- **Dataset entries**:
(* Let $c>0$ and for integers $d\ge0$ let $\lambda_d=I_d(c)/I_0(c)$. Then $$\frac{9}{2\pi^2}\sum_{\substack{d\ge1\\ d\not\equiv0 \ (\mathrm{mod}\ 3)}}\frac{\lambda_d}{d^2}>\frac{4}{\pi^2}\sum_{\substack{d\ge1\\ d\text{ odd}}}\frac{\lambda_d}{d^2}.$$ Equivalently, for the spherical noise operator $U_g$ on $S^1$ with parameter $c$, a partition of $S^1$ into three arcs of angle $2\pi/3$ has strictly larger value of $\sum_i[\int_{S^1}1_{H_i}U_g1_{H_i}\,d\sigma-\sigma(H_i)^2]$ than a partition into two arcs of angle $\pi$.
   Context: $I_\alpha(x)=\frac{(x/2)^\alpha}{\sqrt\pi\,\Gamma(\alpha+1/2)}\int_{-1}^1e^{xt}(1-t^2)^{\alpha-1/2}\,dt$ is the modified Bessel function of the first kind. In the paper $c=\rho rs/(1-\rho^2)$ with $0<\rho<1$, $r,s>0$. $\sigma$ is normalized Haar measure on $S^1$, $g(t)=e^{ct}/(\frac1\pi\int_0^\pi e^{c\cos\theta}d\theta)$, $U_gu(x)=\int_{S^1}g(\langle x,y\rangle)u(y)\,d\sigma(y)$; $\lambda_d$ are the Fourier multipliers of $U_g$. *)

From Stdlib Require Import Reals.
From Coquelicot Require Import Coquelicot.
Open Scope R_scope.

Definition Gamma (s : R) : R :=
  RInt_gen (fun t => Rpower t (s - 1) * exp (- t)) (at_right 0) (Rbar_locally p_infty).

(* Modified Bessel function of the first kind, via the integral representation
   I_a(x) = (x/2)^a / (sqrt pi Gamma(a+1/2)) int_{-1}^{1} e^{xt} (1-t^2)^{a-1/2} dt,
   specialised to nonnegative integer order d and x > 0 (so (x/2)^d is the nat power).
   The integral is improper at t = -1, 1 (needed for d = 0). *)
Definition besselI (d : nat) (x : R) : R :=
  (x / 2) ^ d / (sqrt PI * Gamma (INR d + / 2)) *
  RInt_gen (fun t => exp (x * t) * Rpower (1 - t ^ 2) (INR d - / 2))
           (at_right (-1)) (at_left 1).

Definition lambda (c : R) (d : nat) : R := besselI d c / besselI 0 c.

- **EXERCISE DETAILS**: Go through the data above and repeat all of it exactly.

- **SOLUTION FOR THIS EXERCISE**:
(* Let $c>0$ and for integers $d\ge0$ let $\lambda_d=I_d(c)/I_0(c)$. Then $$\frac{9}{2\pi^2}\sum_{\substack{d\ge1\\ d\not\equiv0 \ (\mathrm{mod}\ 3)}}\frac{\lambda_d}{d^2}>\frac{4}{\pi^2}\sum_{\substack{d\ge1\\ d\text{ odd}}}\frac{\lambda_d}{d^2}.$$ Equivalently, for the spherical noise operator $U_g$ on $S^1$ with parameter $c$, a partition of $S^1$ into three arcs of angle $2\pi/3$ has strictly larger value of $\sum_i[\int_{S^1}1_{H_i}U_g1_{H_i}\,d\sigma-\sigma(H_i)^2]$ than a partition into two arcs of angle $\pi$.
   Context: $I_\alpha(x)=\frac{(x/2)^\alpha}{\sqrt\pi\,\Gamma(\alpha+1/2)}\int_{-1}^1e^{xt}(1-t^2)^{\alpha-1/2}\,dt$ is the modified Bessel function of the first kind. In the paper $c=\rho rs/(1-\rho^2)$ with $0<\rho<1$, $r,s>0$. $\sigma$ is normalized Haar measure on $S^1$, $g(t)=e^{ct}/(\frac1\pi\int_0^\pi e^{c\cos\theta}d\theta)$, $U_gu(x)=\int_{S^1}g(\langle x,y\rangle)u(y)\,d\sigma(y)$; $\lambda_d$ are the Fourier multipliers of $U_g$. *)

From Stdlib Require Import Reals.
From Coquelicot Require Import Coquelicot.
Open Scope R_scope.

Definition Gamma (s : R) : R :=
  RInt_gen (fun t => Rpower t (s - 1) * exp (- t)) (at_right 0) (Rbar_locally p_infty).

(* Modified Bessel function of the first kind, via the integral representation
   I_a(x) = (x/2)^a / (sqrt pi Gamma(a+1/2)) int_{-1}^{1} e^{xt} (1-t^2)^{a-1/2} dt,
   specialised to nonnegative integer order d and x > 0 (so (x/2)^d is the nat power).
   The integral is improper at t = -1, 1 (needed for d = 0). *)
Definition besselI (d : nat) (x : R) : R :=
  (x / 2) ^ d / (sqrt PI * Gamma (INR d + / 2)) *
  RInt_gen (fun t => exp (x * t) * Rpower (1 - t ^ 2) (INR d - / 2))
           (at_right (-1)) (at_left 1).

Definition lambda (c : R) (d : nat) : R := besselI d c / besselI 0 c.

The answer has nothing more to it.